We study deterministic and randomized streaming algorithms for word problems of finitely generated groups. For finitely generated linear groups, metabelian groups and free solvable groups we show the existence of randomized streaming algorithms with logarithmic space complexity for their word problems.
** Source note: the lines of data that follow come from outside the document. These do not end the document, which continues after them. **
Lemma Exp_x_sub_Tx_le n :
  (Exp P (fun w => N (x n w - T (x n w))) <=
   (kappa * (1 - beta n) + \sum_(1 <= i < n.+1) Bprod beta i n * incr_coef i
    + beta n * sigma P N U n)%:E)%E.
Proof.
have b1 : 0 <= 1 - beta n by rewrite subr_ge0 beta_le1.
apply: le_trans (le_Exp_lincomb P b1 (beta_ge0 n) _ _ (noise_ge0 n) _
  (measurable_norm_Tx_sub n) (measurable_norm_x_step n) (measurable_noise n) _
  (norm_x_sub_Tx_le n)) _.
- by move=> w; apply: norm_ge0.
- by move=> w; apply: norm_ge0.
- by move=> w; apply: norm_ge0.
- apply: measurable_norm_sub; first exact: measurable_x.
  exact: measurable_T_coord (measurable_x n).
rewrite Exp_noise !EFinD; apply: leeD => //.
apply: leeD; last exact: Exp_x_step_weighted_le.
by rewrite mulrC EFinM; apply: lee_wpmul2l.
Qed.

End HalpernIteration.

Theorem proposition1 (R : realType) (dim : nat) (N : 'rV[R]_dim -> R)
  (T : 'rV[R]_dim -> 'rV[R]_dim)
  (d : measure_display) (Omega : measurableType d) (P : probability Omega R)
  (beta : nat -> R) (x0 : 'rV[R]_dim)
  (U : nat -> Omega -> 'rV[R]_dim) (x : nat -> Omega -> 'rV[R]_dim)
  (kappa : R) :
  is_norm N ->
  nonexpansive N T ->
  (Fix T !=set0)%classic ->
  beta 0%N = 0 ->
  (forall n, (1 <= n)%N -> 0 < beta n < 1) ->
  (forall n m, (1 <= n)%N -> (n <= m)%N -> beta n <= beta m) ->
  (beta @ \oo --> (1 : R))%classic ->
  (forall n, (1 <= n)%N -> random_vector (U n)) ->
  (forall n, (1 <= n)%N -> mean_zero P (U n)) ->
  (forall n, (1 <= n)%N -> (Exp P (fun w => N (U n w)) < +oo)%E) ->
  (forall w, x 0%N w = x0) ->
  (forall n w, (1 <= n)%N ->
     x n w = (1 - beta n) *: x0 + beta n *: (T (x n.-1 w) + U n w)) ->
  0 <= kappa ->
  (forall n, (Exp P (fun w => N (T (x n w) - x0)%R) <= kappa%:E)%E) ->
  forall n, (1 <= n)%N ->
    (Exp P (fun w => N (x n w - T (x n w))%R) <=
      (kappa * (1 - beta n)
       + \sum_(1 <= i < n.+1) Bprod beta i n *
           (kappa * (beta i - beta i.-1) + beta i * sigma P N U i
            + beta i.-1 * sigma P N U i.-1)
       + beta n * sigma P N U n)%:E)%E.
Proof.
move=> N_norm T_nonexp _ beta0 beta_range beta_mono _ U_random _ U_Exp_fin
  x_0 x_S _ Tx_bound n _.
exact: Exp_x_sub_Tx_le.
Qed.
Lemma sum_block_min_sq_le B (z : 'I_p -> 'I_B) th g gt :
  \sum_(b < B) #|block z gt b :\: block z g b|%:R * min_sq th (block z gt b :\: block z g b)
    <= \sum_(i in gt :\: g) th i 0 ^+ 2.
Proof.
rewrite (partition_big z predT) //=; apply: ler_sum => b _.
set D := block z gt b :\: block z g b.
rewrite (eq_bigl (mem D)); last first.
  by move=> i; rewrite !inE; case: (i \in g); case: (i \in gt); case: (z i == b).
rewrite /min_sq; case: eqP => [->|D_neq0].
  by rewrite mulr0 sumr_ge0 // => i _; apply: sqr_ge0.
rewrite mulrC mulr_natr -sumr_const; apply: ler_sum => i iD.
by apply: ge_inf; [exists 0 => _ [j _ <-]; apply: sqr_ge0 | exists i].
Qed.

End Regression.

Theorem lemma2 (R : realType) (n p B : nat) (X : 'M[R]_(n, p)) (th : 'cV[R]_p)
    (phi : R) (z : 'I_p -> 'I_B) (g gt : {set 'I_p}) :
  0 < phi ->
  full_col_rank X g ->
  gt \subset true_support th ->
  ~~ (gt \subset g) ->
  mu X th phi (g :|: gt) g >=
    n%:R * phi^-1 * rho X th *
      \sum_(b < B) #|block z gt b :\: block z g b|%:R *
                   min_sq th (block z gt b :\: block z g b).
Proof.
move=> phi_gt0 g_full gt_sup gt_not_sub.
set u := thsub (mask th (gt :\: g)) (true_support th :\: g).
set S := \sum_(b < B) _.
have S_le : S <= sqnormr u^T.
  by rewrite sqnormr_thsub sum_sqr_mask ?sum_block_min_sq_le ?finset.setSD.
have rho_le : rho X th <= lambda_min (rho_mx X (true_support th) g).
  apply: rho_le_lambda_min => //.
  by apply: contraNN gt_not_sub; apply: fintype.subset_trans.
rewrite mu_setU // [n%:R * _]mulrC -!mulrA ler_pM2l ?invr_gt0 //.
apply: le_trans _ (natr_mul_qform_rho_mx _ g_full); apply: ler_wpM2l => //.
apply: le_trans _ (lambda_min_le_rayleigh _ (rho_mx_trmx _ _ _) (rho_mx_psd g_full)).
apply: le_trans (ler_wpM2l (rho_ge0 X th) S_le) _.
exact: ler_wpM2r (sqnormr_ge0 _) _ _ rho_le.
Qed.
Lemma forces_cover (P : sq A -> Prop) :
  (forall x, L x -> P x -> exists n,
     forall y, L y -> (forall k, k <= n -> y k = x k) -> P y) ->
  forall x, L x /\ P x <->
    L x /\ exists i, forces P (word_of i) /\ prefix_is x (size (word_of i)).-1 (word_of i).
Proof.
move=> P_local x; split=> [[Lx Px]|[Lx [i [[_ [_ forcesP]] xi]]]].
  by have [n xn] := P_local x Lx Px; split=> //; apply: forces_word_of xn.
by split=> //; apply: forcesP.
Qed.

Lemma finitely_defined_of_local (C : sq A -> Prop) :
  (forall x, C x -> L x) ->
  (forall x, L x -> exists n,
     forall y, L y -> (forall k, k <= n -> y k = x k) -> (C y <-> C x)) ->
  finitely_defined L C.
Proof.
move=> CL C_local; split=> //.
exists (fun i => forces C (word_of i)), (fun j => forces (fun y => ~ C y) (word_of j)).
exists (fun i => (size (word_of i)).-1), (fun j => (size (word_of j)).-1).
exists word_of, word_of.
split; first by move=> i /forces_occurs.
split; first by move=> j /forces_occurs.
have C_local' x : L x -> C x -> exists n,
    forall y, L y -> (forall k, k <= n -> y k = x k) -> C y.
  by move=> Lx Cx; have [n xn] := C_local x Lx; exists n => y Ly /(xn y Ly) [_]; apply.
have notC_local x : L x -> ~ C x -> exists n,
    forall y, L y -> (forall k, k <= n -> y k = x k) -> ~ C y.
  by move=> Lx nCx; have [n xn] := C_local x Lx; exists n => y Ly /(xn y Ly) [yx _] /yx.
split=> [x|]; last exact: forces_cover notC_local.
by rewrite -(forces_cover C_local'); split=> [Cx|[]//]; split=> //; apply: CL.
Qed.

End FinitelyDefined.

Section LocallyConstant.
Variables (A : countType) (T : eqType) (L : sq A -> Prop) (f : sq A -> T).
Hypotheses (L_inSigma : forall x, L x -> inSigma x) (L_closed : is_closed L).
Hypothesis f_locally_constant : forall x, L x -> nbhd x (fun y => L y -> f y = f x).

Definition const_on (w F : seq A) (t : T) := forall y, L y -> cyl w F y -> f y = t.

Lemma locally_constant_cyl x : L x -> exists w F, cyl w F x /\ const_on w F (f x).
Proof.
by move=> /f_locally_constant /nbhdP [w [F [xwF wFf]]]; exists w, F; split=> // y Ly /wFf ->.
Qed.

Lemma locally_constant_finite_range : exists s : seq T, forall x, L x -> f x \in s.
Proof.
have [|l [const cov]] :=
  @cyl_cover_finite _ L (fun w F => exists t, const_on w F t) L_inSigma L_closed.
  by move=> x /locally_constant_cyl [w [F [xwF wFf]]]; exists w, F; split=> //; exists (f x).
have [s ls] := finite_choice const; exists s => x Lx.
by have [p lp xp] := cov x Lx; have [t st pt] := ls p lp; rewrite (pt x Lx xp).
Qed.

Lemma locally_constant_fibre_cyl_union t :
  exists l : seq (seq A * seq A),
    forall x, L x /\ f x = t <-> L x /\ exists2 p, p \in l & cyl p.1 p.2 x.
Proof.
have [|l [decided cov]] := @cyl_cover_finite _ L
    (fun w F => const_on w F t \/ forall y, L y -> cyl w F y -> f y <> t) L_inSigma L_closed.
  move=> x /locally_constant_cyl [w [F [xwF wFf]]]; exists w, F; split=> //.
  by case: (eqVneq (f x) t) => [<-|fxt]; [left|right=> y Ly /(wFf y Ly) ->; apply/eqP].
have [l' l'P] := exists_filter l (fun p => const_on p.1 p.2 t).
exists l' => x; split=> [[Lx fx]|[Lx [p /l'P [_ pt] xp]]]; last by split=> //; apply: pt.
have [p lp xp] := cov x Lx; split=> //; exists p => //; apply/l'P; split=> //.
by case: (decided p lp) => // avoid; case: (avoid x Lx xp).
Qed.

Lemma locally_constant_fibre_finitely_defined t :
  finitely_defined L (fun x => L x /\ f x = t).
Proof.
apply: finitely_defined_of_local => // [x [] //|x Lx].
have [w [F [xwF wFf]]] := locally_constant_cyl Lx; exists (size w) => y Ly yx.
by rewrite (wFf y Ly (cyl_agree xwF (L_inSigma Ly) yx)); split=> -[].
Qed.

End LocallyConstant.

Section ShiftSpaces.
Variables (A : countType) (L : sq A -> Prop).
Hypothesis L_shift : shift_space L.

Lemma shift_space_inSigma x : L x -> inSigma x.
Proof. by case: L_shift => + _; apply. Qed.

Lemma shift_space_closed : is_closed L.
Proof. by case: L_shift => _ []. Qed.

Lemma shift_space_iter_shift n x : L x -> L (iter n (@shift A) x).
Proof. by case: L_shift => _ [_ [Lsh _]] Lx; elim: n => //= n IH; apply: Lsh. Qed.

Lemma shift_space_Oseq : L (Oseq A) <-> infinite_set (Lset L).
Proof. by case: L_shift => _ [_ [_ []]]. Qed.

Lemma Lset_head x a : L x -> x 0 = Some a -> Lset L a.
Proof. by move=> Lx xa; exists x; split=> //; exists 0 => -[]. Qed.

End ShiftSpaces.

Definition sliding_block_partition (A B : countType) (L : sq A -> Prop)
    (G : sq B -> Prop) (d : B) (Phi : sq A -> sq B) (C : option B -> sq A -> Prop) :=
  (forall a x, C a x -> L x) /\
  (forall x, L x -> exists a, C a x) /\
  (forall a a' x, C a x -> C a' x -> a = a') /\
  (forall b x, C (Some b) x -> Lset G b) /\
  (forall a, finitely_defined L (C a)) /\
  (forall x, C None x -> C None (shift x)) /\
  (forall x, L x -> forall n, C (Phi x n) (iter n (@shift A) x)) /\
  (forall b, Lset G b -> exists l : seq (seq A * seq A),
      forall x, C (Some b) x <-> L x /\ exists2 p, p \in l & cyl p.1 p.2 x) /\
  (exists l : seq B, forall b, Lset G b -> (exists x, C (Some b) x) -> b \in l) /\
  (forall M, 1 <= M -> exists FM : seq A,
      (forall a, a \in FM -> Lset L a) /\
      forall n x, 1 <= n <= M -> cyl [::] FM x -> L x ->
        C (Some d) (iter n.-1 (@shift A) x)).

Section ContinuousShiftCommutingMaps.
Variables (A B : countType) (L : sq A -> Prop) (G : sq B -> Prop).
Variables (d : B) (Phi : sq A -> sq B).
Hypotheses (L_shift : shift_space L) (G_shift : shift_space G).
Hypothesis Phi_into : forall x, L x -> G (Phi x).
Hypothesis Phi_Oseq : L (Oseq A) -> forall i, Phi (Oseq A) i = Some d.
Hypothesis Phi_None_finitely_defined :
  G (Oseq B) -> finitely_defined L (fun x => L x /\ forall i, Phi x i = None).
Hypothesis Phi_continuous : continuous_on L Phi.
Hypothesis Phi_shift : forall x, L x -> forall i, Phi (shift x) i = shift (Phi x) i.

Let L_inSigma := shift_space_inSigma L_shift.
Let Phi_inSigma x (Lx : L x) := shift_space_inSigma G_shift (Phi_into Lx).

Lemma Phi_iter_shift n x i : L x -> Phi (iter n (@shift A) x) i = Phi x (n + i).
Proof.
move=> Lx; elim: n i => [|n IH] i //=.
rewrite Phi_shift ?addSnnS; [exact: IH|exact: shift_space_iter_shift].
Qed.

Lemma Phi_None_idx x k : L x -> x k = None -> Phi x k = Some d.
Proof.
move=> Lx xk; have Ox := iter_shift_Oseq (L_inSigma Lx) xk.
rewrite -[k]addn0 -Phi_iter_shift // Ox Phi_Oseq // -Ox.
exact: shift_space_iter_shift.
Qed.

Lemma Phi_None_defined x i k : L x -> Phi x i = None -> x k <> None.
Proof.
move=> Lx Phixi xk.
have := Phi_None_idx Lx (inSigma_None_tail (L_inSigma Lx) xk (leq_maxr i k)).
by rewrite (inSigma_None_tail (Phi_inSigma Lx) Phixi (leq_maxl i k)).
Qed.

Lemma Phi0_locally_constant_Some x b :
  L x -> Phi x 0 = Some b -> nbhd x (fun y => L y -> Phi y 0 = Some b).
Proof.
move=> Lx Phix0; have [U [U_open PhiU]] := Phi_continuous (@cyl_open B [:: b] [::]).
have Ux : U x.
  apply/PhiU => //; split; first exact: Phi_inSigma.
  by split=> [[]|] //; case: (Phi x 1).
apply: nbhd_sub (U_open x (L_inSigma Lx) Ux) => y Uy Ly.
by have [_ [Phiyb _]] := proj2 (PhiU y Ly) Uy; rewrite (Phiyb 0).
Qed.

Lemma Phi0_locally_constant_None x :
  L x -> Phi x 0 = None -> nbhd x (fun y => L y -> Phi y 0 = None).
Proof.
move=> Lx Phix0.
have Phix_None i : Phi x i = None by apply: inSigma_None_tail (Phi_inSigma Lx) Phix0 _.
have GO : G (Oseq B).
  suff -> : Oseq B = Phi x by apply: Phi_into.
  by apply: functional_extensionality => i; rewrite Phix_None.
have [_ [I [J [ell [n [b [b' [_ [_ [C_None _]]]]]]]]]] := Phi_None_finitely_defined GO.
have [_ [i [Ii [sizeb xb]]]] := proj1 (C_None x) (conj Lx Phix_None).
have defx j : j < (ell i).+1 -> x j <> None by move=> _; apply: Phi_None_defined Phix0.
have xi : cyl (prefix_word x (ell i).+1) [::] x.
  by apply: cyl_prefix_word => //; [exact: L_inSigma|case: (x _)].
apply: nbhd_sub (nbhd_cyl xi) => y yi Ly.
have [_ ->] // : L y /\ forall i, Phi y i = None.
apply/C_None; split=> //; exists i; split=> //; split=> // k lek.
by rewrite (cyl_prefix_word_agree defx yi) ?xb.
Qed.

Lemma Phi0_locally_constant x : L x -> nbhd x (fun y => L y -> Phi y 0 = Phi x 0).
Proof.
move=> Lx; case Phix0: (Phi x 0) => [b|].
  exact: Phi0_locally_constant_Some.
exact: Phi0_locally_constant_None.
Qed.

Lemma Phi_d_near_Oseq M : exists FM : seq A, (forall a, a \in FM -> Lset L a) /\
  forall n x, n < M -> cyl [::] FM x -> L x -> Phi x n = Some d.
Proof.
have [LO|notLO] := classic (L (Oseq A)); last first.
  have [s Ls] : exists s : seq A, forall a, Lset L a -> a \in s.
    by apply: NNPP => Lset_inf; apply/notLO/shift_space_Oseq.
  have [FM FMP] := exists_filter s (Lset L).
  exists FM; split=> [a /FMP [] //|n x _ [Sx [_ xFM]] Lx].
  case x0: (x 0) xFM => [a|] /=; last by case: notLO; rewrite -(iter_shift_Oseq Sx x0).
  have La := Lset_head Lx x0.
  by rewrite (proj2 (FMP a)) ?Ls.
have [U [U_open PhiU]] := Phi_continuous (@cyl_open B (nseq M d) [::]).
have UO : U (Oseq A).
  apply/PhiU => //; split; first exact: Phi_inSigma.
  split=> [i|]; last by case: (Phi _ _).
  by rewrite size_nseq map_nseq => ltiM; rewrite nth_nseq ltiM Phi_Oseq.
have [F FU] := nbhd_Oseq (U_open _ (L_inSigma LO) UO).
have [FM FMP] := exists_filter F (Lset L).
exists FM; split=> [a /FMP [] //|n x ltnM [Sx [_ xFM]] Lx].
have Ux : U x.
  apply: FU; split=> //; split=> //.
  case x0: (x 0) xFM => [a|] //=; apply: contra => aF.
  by apply/FMP; split; last exact: Lset_head x0.
have [_ [PhiM _]] := proj2 (PhiU x Lx) Ux.
by rewrite PhiM ?size_nseq // map_nseq nth_nseq ltnM.
Qed.

Lemma Phi_fibres_sliding_block_partition :
  sliding_block_partition L G d Phi (fun a x => L x /\ Phi x 0 = a).
Proof.
have L_closed := shift_space_closed L_shift.
pose Phi0 x := Phi x 0.
have loc : forall x, L x -> nbhd x (fun y => L y -> Phi0 y = Phi0 x).
  exact: Phi0_locally_constant.
split; first by move=> a x [].
split; first by move=> x Lx; exists (Phi x 0).
split; first by move=> a a' x [_ <-] [_ <-].
split; first by move=> b x [Lx Phix0]; apply: Lset_head (Phi_into Lx) Phix0.
split; first by move=> a; apply: locally_constant_fibre_finitely_defined L_inSigma loc _.
split.
  move=> x [Lx Phix0]; split; first exact: (shift_space_iter_shift L_shift 1).
  by rewrite Phi_shift //; apply: inSigma_None_tail (Phi_inSigma Lx) Phix0 _.
split.
  by move=> x Lx n; split; [exact: shift_space_iter_shift|rewrite Phi_iter_shift ?addn0].
split; first by move=> b _; apply: locally_constant_fibre_cyl_union L_inSigma L_closed loc _.
split.
  have [s Phis] := locally_constant_finite_range L_inSigma L_closed loc.
  by exists (pmap id s) => b _ [x [Lx Phix0]]; rewrite mem_pmap map_id -Phix0 Phis.
move=> M _; have [FM [FML FMd]] := Phi_d_near_Oseq M.
exists FM; split=> // n x /andP [n_gt0 leM] xFM Lx.
split; first exact: shift_space_iter_shift.
by rewrite Phi_iter_shift // addn0 FMd // prednK.
Qed.

End ContinuousShiftCommutingMaps.

Section SlidingBlockCodes.
Variables (A B : countType) (L : sq A -> Prop) (G : sq B -> Prop) (d : B).
Variables (Phi : sq A -> sq B) (C : option B -> sq A -> Prop).
Hypotheses (L_shift : shift_space L) (G_shift : shift_space G).
Hypothesis Phi_into : forall x, L x -> G (Phi x).
Hypothesis C_uniq : forall a a' x, C a x -> C a' x -> a = a'.
Hypothesis C_symbols : forall b x, C (Some b) x -> Lset G b.
Hypothesis Phi_code : forall x, L x -> forall n, C (Phi x n) (iter n (@shift A) x).
Hypothesis C_cyl_union : forall b, Lset G b -> exists l : seq (seq A * seq A),
  forall x, C (Some b) x <-> L x /\ exists2 p, p \in l & cyl p.1 p.2 x.
Hypothesis C_d_near_Oseq : forall M, 1 <= M -> exists FM : seq A,
  (forall a, a \in FM -> Lset L a) /\
  forall n x, 1 <= n <= M -> cyl [::] FM x -> L x -> C (Some d) (iter n.-1 (@shift A) x).

Let L_inSigma := shift_space_inSigma L_shift.
Let Phi_inSigma x (Lx : L x) := shift_space_inSigma G_shift (Phi_into Lx).

Lemma Phi_codeE x n a : L x -> C a (iter n (@shift A) x) -> Phi x n = a.
Proof. by move=> Lx; apply: C_uniq (Phi_code Lx n). Qed.

Lemma Phi_shift_code x i : L x -> Phi (shift x) i = shift (Phi x) i.
Proof.
move=> Lx; apply: Phi_codeE; first exact: (shift_space_iter_shift L_shift 1).
by rewrite -iterSr; apply: Phi_code.
Qed.

Lemma C_Some_nbhd b z : C (Some b) z -> nbhd z (fun u => L u -> C (Some b) u).
Proof.
move=> Cz; have [l lC] := C_cyl_union (C_symbols Cz).
have [Lz [p lp zp]] := proj1 (lC z) Cz.
by apply: nbhd_sub (nbhd_cyl zp) => u up Lu; apply/lC; split=> //; exists p.
Qed.

Lemma not_C_Some_nbhd b z : L z -> ~ C (Some b) z -> nbhd z (fun u => L u -> ~ C (Some b) u).
Proof.
move=> Lz nCz; have [Gb|nGb] := classic (Lset G b); last first.
  by apply: nbhd_sub (nbhdT (L_inSigma Lz)) => u _ _ /C_symbols.
have [l lC] := C_cyl_union Gb.
have not_zp p : p \in l -> nbhd z (fun u => ~ cyl p.1 p.2 u).
  by move=> lp; apply: nbhd_not_cyl (L_inSigma Lz) _ => zp; apply/nCz/lC; split=> //; exists p.
apply: nbhd_sub (nbhd_all (L_inSigma Lz) not_zp) => u not_up Lu /lC [_ [p lp up]].
exact: not_up p lp up.
Qed.

(* Condition (2) at [M = i - k + 1], applied to the shift of [y] by [k]. *)
Lemma Phi_after_None_nbhd x k i :
  L x -> x k = None -> (forall j, j < k -> x j <> None) -> k <= i ->
  nbhd x (fun y => L y -> Phi y i = Some d).
Proof.
move=> Lx xk defx leki; have [FM [_ FMd]] := C_d_near_Oseq (ltn0Sn (i - k)).
have xFM : cyl (prefix_word x k) FM x.
  by apply: cyl_prefix_word => //; [exact: L_inSigma|rewrite xk].
apply: nbhd_sub (nbhd_cyl xFM) => y [Sy [_ yFM]] Ly; apply: Phi_codeE => //.
rewrite -(subnK leki) iterD; apply: (FMd (i - k).+1); last exact: shift_space_iter_shift.
  by rewrite ltn0Sn leqnn.
split; first exact: inSigma_iter_shift.
by split=> //; rewrite iter_shiftE addn0; move: yFM; rewrite size_prefix_word.
Qed.
Definition minimax_with (n m : nat) (f : 'rV[R]_n -> 'rV[R]_m -> R)
  (X : set 'rV[R]_n) (Y : set 'rV[R]_m) (xbar : 'rV[R]_n) (ybar : 'rV[R]_m)
  (d0 : R) (tau : R -> R) : Prop :=
  forall d, 0 < d <= d0 ->
    forall x y, X x -> cball xbar d x -> Y y -> cball ybar d y ->
      f xbar y <= f xbar ybar /\
      ((f xbar ybar)%:E <= maxloc f Y x ybar (tau d))%E.

Definition local_minimax (n m : nat) (f : 'rV[R]_n -> 'rV[R]_m -> R)
  (X : set 'rV[R]_n) (Y : set 'rV[R]_m) (xbar : 'rV[R]_n) (ybar : 'rV[R]_m) :=
  X xbar /\ Y ybar /\
  exists d0 tau, 0 < d0 /\ radius_function tau /\ minimax_with f X Y xbar ybar d0 tau.

Definition calm_local_minimax (n m : nat) (f : 'rV[R]_n -> 'rV[R]_m -> R)
  (X : set 'rV[R]_n) (Y : set 'rV[R]_m) (xbar : 'rV[R]_n) (ybar : 'rV[R]_m) :=
  X xbar /\ Y ybar /\
  exists d0 tau, 0 < d0 /\ radius_function tau /\ calm_at0 tau /\
    minimax_with f X Y xbar ybar d0 tau.

End Defs.
(* Block-increasing maps with image U are block-increasing surjections onto
   [0, #|U|), composed with the increasing enumeration of U. *)
Lemma card_block_inc_image ks y (U : {set 'I_y}) :
  #|[set f in block_inc ks y | f @: [set: 'I_(sumn ks)] == U]| = #|block_surj ks #|U| |.
Proof.
pose emb (g : {ffun 'I_(sumn ks) -> 'I_#|U|}) : {ffun 'I_(sumn ks) -> 'I_y} :=
  [ffun p => enum_val (g p)].
have emb_inj : injective emb.
  move=> g1 g2 /ffunP eq_g; apply/ffunP => p; apply: enum_val_inj.
  by have := eq_g p; rewrite !ffunE.
have inc_emb g : block_increasing (emb g) = block_increasing g.
  by apply: eq_forallb => p; apply: eq_forallb => q; rewrite !ffunE enum_val_ltnE.
rewrite -(card_imset _ emb_inj); apply: eq_card => f; rewrite !inE.
apply/andP/imsetP => [[inc_f /eqP im_f] | [g]].
  have f_U p : f p \in U by rewrite -im_f imset_f.
  pose g := [ffun p => enum_rank_in (f_U p) (f p)].
  have embK : emb g = f by apply/ffunP => p; rewrite !ffunE enum_rankK_in.
  exists g => //; rewrite inE -inc_emb embK inc_f andbT; apply/forallP => z.
  have : enum_val z \in f @: [set: _] by rewrite im_f enum_valP.
  case/imsetP => p _ ez; have -> : z = g p by apply: enum_val_inj; rewrite ez ffunE enum_rankK_in.
  exact: codom_f.
rewrite inE => /andP[/forallP onto inc_g] ->; split; first by rewrite inc_emb.
apply/eqP/setP => x; apply/imsetP/idP => [[p _ ->] | x_U]; first by rewrite ffunE enum_valP.
by have /codomP [p ep] := onto (enum_rank_in x_U x); exists p; rewrite // ffunE -ep enum_rankK_in.
Qed.

(* Sorting block-increasing maps by the size of their image. *)
Lemma card_block_inc_by_image ks y :
  #|block_inc ks y| = \sum_(N < y.+1) 'C(y, N) * #|block_surj ks N|.
Proof.
have card_lt (U : {set 'I_y}) : #|U| < y.+1 by rewrite ltnS -[y in _ <= y]card_ord max_card.
rewrite -sum1_card.
rewrite (partition_big (fun f : {ffun 'I_(sumn ks) -> 'I_y} => f @: [set: 'I_(sumn ks)]) predT) //=.
rewrite (partition_big (fun U : {set 'I_y} => inord #|U| : 'I_y.+1) predT) //=.
apply: eq_bigr => N _; rewrite (eq_bigr (fun _ => #|block_surj ks N|)); last first.
  move=> U /eqP <-; rewrite inordK // -card_block_inc_image sum1_card.
  by apply: eq_card => f; rewrite [RHS]inE.
rewrite sum_nat_const -[y in 'C(y, _)](card_ord y) -card_draws; congr (_ * _).
by apply: eq_card => U; rewrite !inE unfold_in /= inordK.
Qed.

Lemma block_surj_large ks N : sumn ks < N -> #|block_surj ks N| = 0.
Proof.
move=> lt_N; apply: eq_card0 => f; rewrite inE; apply/negbTE/negP => /andP[/forallP onto _].
have : #|'I_N| <= size (codom f).
  by apply: leq_trans (card_size _); apply/subset_leq_card/subsetP => z _; apply: onto.
by rewrite card_ord size_codom card_ord leqNgt lt_N.
Qed.

Lemma prod_binomial_surj ks y :
  \sum_(N < (sumn ks).+1) 'C(y, N) * #|block_surj ks N| = \prod_(k <- ks) 'C(y, k).
Proof.
rewrite -card_block_inc card_block_inc_by_image.
pose G N := 'C(y, N) * #|block_surj ks N|.
transitivity (\sum_(N < sumn ks + y.+1) G N).
  apply: big_ord_widen_neutral; first by rewrite addnS ltnS leq_addr.
  by move=> i lt_i _; rewrite /G block_surj_large ?muln0.
symmetry; apply: big_ord_widen_neutral; first exact: leq_addl.
by move=> i lt_i _; rewrite /G bin_small.
Qed.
We also show that the class of finitely generated groups with a logspace randomized streaming algorithm for the word problem is closed under several group theoretical constructions: finite extensions, graph products and wreath products by free abelian groups. We contrast these results with several lower bound. An example of a finitely presented group, where the word problem has only a linear space randomized streaming algorithm, is Thompson's group $F$. Finally, randomized streaming algorithms for subgroup membership problems in free groups and direct products of free groups are studied.

翻译：我们研究了有限生成群的词问题的确定性与随机化流式算法。对于有限生成线性群、亚交换群和自由可解群，我们证明了其词问题存在具有对数空间复杂度的随机化流式算法。我们还表明，具有对数空间随机化流式算法处理词问题的有限生成群类在若干群论构造下封闭：有限扩张、图积以及自由交换群的圈积。我们通过若干下界结果与这些结论形成对比。一个有限呈现群的例子是汤普森群$F$，其词问题仅存在线性空间随机化流式算法。最后，研究了自由群及其直积中子群成员问题的随机化流式算法。